WORK ORDER: Within the data below, determine how many lines contain "connectP" and supply only that figure.

=== SUPPLIED DATA ===

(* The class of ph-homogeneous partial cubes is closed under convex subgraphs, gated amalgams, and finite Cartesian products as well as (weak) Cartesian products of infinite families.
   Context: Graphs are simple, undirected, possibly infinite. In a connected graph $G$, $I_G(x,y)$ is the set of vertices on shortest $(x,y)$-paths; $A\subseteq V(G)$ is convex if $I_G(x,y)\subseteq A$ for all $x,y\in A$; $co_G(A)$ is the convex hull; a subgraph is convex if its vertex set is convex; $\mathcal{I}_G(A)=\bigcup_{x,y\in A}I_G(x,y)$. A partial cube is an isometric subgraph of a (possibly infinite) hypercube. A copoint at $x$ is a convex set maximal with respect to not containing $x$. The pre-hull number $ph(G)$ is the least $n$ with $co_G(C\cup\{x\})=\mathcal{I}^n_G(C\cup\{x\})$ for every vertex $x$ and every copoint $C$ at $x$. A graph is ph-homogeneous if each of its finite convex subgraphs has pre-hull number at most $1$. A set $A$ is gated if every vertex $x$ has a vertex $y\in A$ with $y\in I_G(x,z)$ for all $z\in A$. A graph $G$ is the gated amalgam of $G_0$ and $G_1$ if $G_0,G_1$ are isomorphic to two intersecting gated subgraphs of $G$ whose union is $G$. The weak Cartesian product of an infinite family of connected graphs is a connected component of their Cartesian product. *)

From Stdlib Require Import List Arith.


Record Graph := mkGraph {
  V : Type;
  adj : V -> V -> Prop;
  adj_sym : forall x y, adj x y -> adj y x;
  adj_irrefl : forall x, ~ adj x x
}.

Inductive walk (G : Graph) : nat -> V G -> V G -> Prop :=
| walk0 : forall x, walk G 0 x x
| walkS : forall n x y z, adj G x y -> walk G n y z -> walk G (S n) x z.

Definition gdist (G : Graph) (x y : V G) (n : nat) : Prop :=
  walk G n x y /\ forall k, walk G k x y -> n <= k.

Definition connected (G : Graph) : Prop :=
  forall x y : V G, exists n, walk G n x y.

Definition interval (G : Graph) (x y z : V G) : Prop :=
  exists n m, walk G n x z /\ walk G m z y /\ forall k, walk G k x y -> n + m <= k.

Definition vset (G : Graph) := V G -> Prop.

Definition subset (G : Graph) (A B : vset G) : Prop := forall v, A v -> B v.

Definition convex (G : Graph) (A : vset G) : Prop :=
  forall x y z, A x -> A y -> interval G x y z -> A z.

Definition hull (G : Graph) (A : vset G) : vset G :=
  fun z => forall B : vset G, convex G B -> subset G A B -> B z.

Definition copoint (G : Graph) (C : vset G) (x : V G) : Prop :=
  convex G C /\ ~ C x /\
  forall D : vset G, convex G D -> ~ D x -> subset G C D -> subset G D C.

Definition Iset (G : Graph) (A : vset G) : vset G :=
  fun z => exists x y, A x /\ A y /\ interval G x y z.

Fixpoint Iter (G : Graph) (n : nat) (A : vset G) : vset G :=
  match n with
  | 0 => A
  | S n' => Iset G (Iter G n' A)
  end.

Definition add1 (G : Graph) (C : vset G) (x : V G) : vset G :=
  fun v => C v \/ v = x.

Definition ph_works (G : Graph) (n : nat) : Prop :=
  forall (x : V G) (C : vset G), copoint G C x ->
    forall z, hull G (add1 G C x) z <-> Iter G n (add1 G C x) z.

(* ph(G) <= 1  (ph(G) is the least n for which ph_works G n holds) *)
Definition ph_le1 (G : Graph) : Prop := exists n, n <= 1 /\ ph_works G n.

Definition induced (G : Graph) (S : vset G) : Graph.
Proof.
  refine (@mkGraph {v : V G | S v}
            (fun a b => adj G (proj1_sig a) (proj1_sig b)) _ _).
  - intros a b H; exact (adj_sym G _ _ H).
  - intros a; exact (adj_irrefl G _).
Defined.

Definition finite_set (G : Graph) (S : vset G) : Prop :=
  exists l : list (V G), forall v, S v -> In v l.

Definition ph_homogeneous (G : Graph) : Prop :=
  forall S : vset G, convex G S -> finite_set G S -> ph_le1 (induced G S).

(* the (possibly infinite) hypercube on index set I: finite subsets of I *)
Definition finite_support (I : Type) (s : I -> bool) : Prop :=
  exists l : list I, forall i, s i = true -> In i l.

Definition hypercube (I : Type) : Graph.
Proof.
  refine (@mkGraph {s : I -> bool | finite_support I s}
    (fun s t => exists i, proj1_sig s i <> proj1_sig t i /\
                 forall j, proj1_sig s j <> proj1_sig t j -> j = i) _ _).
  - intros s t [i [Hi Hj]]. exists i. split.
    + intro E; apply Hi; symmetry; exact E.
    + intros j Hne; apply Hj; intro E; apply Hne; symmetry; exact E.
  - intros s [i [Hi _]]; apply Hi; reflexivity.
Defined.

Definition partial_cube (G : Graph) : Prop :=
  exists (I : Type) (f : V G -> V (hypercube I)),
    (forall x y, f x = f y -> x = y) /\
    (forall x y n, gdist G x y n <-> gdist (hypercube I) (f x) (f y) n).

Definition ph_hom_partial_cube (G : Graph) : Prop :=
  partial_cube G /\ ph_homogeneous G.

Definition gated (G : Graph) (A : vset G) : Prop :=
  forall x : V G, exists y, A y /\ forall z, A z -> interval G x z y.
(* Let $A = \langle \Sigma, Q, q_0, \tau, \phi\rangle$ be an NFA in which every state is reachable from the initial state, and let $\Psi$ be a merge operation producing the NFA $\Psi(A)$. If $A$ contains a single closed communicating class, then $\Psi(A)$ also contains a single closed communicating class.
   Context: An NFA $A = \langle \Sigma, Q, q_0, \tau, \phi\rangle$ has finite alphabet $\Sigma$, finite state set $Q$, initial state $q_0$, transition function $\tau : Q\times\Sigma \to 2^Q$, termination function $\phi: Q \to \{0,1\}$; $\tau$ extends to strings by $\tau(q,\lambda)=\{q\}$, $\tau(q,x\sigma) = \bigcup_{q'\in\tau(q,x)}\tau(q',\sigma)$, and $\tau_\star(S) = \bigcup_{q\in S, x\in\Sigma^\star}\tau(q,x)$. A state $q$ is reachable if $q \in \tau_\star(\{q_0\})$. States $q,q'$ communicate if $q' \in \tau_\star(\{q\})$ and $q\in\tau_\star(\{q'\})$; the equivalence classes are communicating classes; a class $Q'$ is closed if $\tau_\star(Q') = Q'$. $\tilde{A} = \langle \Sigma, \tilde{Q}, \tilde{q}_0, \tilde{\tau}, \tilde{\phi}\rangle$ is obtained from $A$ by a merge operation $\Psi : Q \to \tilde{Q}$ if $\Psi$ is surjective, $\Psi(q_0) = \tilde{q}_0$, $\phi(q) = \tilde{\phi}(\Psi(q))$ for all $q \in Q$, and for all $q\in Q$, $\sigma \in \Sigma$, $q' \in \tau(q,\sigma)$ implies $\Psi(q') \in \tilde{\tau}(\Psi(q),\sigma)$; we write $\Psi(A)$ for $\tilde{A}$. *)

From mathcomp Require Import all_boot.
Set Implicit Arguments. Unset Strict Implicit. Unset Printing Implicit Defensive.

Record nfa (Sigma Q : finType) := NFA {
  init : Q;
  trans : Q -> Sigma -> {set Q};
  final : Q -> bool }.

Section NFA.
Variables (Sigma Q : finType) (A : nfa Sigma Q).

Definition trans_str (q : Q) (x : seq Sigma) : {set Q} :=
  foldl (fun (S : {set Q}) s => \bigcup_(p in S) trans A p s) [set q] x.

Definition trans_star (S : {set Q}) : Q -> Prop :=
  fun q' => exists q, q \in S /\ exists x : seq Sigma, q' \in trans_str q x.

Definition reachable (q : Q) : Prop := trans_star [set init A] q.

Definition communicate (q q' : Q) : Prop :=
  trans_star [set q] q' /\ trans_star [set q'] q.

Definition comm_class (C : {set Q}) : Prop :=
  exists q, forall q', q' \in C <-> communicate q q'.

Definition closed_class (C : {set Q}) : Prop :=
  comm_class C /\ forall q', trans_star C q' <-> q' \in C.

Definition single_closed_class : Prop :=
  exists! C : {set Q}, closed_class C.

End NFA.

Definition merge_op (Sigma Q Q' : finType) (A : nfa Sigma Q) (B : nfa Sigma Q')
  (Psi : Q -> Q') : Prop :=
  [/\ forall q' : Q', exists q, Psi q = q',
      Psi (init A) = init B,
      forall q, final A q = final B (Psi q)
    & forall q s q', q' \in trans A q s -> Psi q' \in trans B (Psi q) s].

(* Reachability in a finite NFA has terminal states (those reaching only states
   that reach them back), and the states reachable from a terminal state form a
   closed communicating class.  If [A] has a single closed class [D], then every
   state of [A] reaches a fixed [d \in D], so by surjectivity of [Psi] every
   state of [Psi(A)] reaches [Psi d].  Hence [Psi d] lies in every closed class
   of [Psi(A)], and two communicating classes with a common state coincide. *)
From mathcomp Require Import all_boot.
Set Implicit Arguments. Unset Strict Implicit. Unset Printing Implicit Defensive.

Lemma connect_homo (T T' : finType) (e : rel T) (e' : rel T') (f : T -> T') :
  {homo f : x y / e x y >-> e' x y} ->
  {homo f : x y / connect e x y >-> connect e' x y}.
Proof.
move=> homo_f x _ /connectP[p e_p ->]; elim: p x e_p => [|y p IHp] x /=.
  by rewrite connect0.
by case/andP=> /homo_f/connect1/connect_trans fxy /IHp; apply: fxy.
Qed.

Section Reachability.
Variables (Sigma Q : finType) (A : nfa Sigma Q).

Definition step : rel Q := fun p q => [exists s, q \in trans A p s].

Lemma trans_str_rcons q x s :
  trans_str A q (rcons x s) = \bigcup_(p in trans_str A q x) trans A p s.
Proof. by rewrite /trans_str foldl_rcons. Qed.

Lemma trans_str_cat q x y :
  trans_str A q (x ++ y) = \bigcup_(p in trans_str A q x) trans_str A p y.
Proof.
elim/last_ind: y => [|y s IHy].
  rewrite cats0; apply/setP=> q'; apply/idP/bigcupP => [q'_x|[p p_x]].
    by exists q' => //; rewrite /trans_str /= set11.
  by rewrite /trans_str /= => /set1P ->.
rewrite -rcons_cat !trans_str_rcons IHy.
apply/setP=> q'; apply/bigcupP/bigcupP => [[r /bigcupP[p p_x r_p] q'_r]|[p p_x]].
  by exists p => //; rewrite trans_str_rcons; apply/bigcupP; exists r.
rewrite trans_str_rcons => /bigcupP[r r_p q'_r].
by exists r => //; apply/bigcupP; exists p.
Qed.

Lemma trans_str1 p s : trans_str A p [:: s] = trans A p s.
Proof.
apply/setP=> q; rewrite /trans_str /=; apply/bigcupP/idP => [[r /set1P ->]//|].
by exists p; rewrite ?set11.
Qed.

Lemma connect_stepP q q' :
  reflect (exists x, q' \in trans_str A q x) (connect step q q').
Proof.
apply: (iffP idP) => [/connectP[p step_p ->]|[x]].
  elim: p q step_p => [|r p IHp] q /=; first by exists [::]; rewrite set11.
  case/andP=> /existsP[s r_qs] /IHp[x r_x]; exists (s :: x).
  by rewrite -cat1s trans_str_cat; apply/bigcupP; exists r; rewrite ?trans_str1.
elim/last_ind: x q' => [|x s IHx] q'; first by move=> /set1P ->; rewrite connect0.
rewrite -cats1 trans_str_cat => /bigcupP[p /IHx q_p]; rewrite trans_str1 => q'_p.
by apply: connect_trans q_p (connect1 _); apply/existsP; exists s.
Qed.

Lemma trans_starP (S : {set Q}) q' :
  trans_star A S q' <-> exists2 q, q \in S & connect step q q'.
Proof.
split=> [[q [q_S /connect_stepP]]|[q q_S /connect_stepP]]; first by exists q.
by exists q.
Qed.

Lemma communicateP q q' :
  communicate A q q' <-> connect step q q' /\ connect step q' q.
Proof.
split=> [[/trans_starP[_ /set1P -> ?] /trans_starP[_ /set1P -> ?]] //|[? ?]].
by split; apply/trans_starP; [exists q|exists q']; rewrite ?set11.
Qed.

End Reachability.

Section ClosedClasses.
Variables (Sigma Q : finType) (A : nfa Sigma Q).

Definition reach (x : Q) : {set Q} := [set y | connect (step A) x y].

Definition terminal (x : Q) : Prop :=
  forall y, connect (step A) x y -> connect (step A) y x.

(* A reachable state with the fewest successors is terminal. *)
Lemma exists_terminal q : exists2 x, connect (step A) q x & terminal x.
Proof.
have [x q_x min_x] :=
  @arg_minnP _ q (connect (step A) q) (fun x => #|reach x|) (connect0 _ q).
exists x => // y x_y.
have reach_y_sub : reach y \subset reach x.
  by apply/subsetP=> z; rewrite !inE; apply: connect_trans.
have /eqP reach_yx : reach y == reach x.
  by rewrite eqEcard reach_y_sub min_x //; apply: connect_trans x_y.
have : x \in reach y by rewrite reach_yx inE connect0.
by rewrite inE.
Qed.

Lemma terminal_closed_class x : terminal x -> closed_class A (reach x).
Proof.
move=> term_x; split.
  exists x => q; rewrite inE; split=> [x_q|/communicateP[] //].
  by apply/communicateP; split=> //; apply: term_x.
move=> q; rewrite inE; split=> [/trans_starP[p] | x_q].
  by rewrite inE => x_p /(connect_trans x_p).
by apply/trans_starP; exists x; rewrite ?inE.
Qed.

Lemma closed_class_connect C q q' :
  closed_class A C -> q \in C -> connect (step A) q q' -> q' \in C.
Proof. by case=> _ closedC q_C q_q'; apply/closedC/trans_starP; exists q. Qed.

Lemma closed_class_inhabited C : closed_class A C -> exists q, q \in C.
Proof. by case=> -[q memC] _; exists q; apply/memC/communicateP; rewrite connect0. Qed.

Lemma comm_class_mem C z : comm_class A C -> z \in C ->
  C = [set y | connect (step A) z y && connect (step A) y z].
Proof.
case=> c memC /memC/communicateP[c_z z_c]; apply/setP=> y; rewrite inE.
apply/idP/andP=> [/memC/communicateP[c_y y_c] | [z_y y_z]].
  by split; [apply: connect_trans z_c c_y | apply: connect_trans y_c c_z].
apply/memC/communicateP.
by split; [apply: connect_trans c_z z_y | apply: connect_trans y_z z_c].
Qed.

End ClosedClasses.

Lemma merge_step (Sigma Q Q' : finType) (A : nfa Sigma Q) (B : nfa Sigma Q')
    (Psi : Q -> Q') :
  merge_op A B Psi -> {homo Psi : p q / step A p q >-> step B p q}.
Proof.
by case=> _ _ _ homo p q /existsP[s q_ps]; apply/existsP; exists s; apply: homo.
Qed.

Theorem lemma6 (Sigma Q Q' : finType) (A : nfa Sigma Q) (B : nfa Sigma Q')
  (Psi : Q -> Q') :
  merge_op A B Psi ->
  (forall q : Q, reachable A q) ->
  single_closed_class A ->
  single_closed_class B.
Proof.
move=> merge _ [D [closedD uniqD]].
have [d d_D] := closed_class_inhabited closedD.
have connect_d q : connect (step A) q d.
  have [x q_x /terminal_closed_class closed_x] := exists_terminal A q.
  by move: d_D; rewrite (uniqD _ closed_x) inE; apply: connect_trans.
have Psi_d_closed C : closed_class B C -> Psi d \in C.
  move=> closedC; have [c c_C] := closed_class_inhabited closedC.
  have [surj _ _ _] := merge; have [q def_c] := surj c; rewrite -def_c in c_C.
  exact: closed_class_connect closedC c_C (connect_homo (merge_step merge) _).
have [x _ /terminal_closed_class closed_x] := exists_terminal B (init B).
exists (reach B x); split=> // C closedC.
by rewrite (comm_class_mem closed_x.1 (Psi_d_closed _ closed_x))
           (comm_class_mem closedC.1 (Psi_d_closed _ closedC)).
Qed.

===

RESULT FOR THIS TASK: 2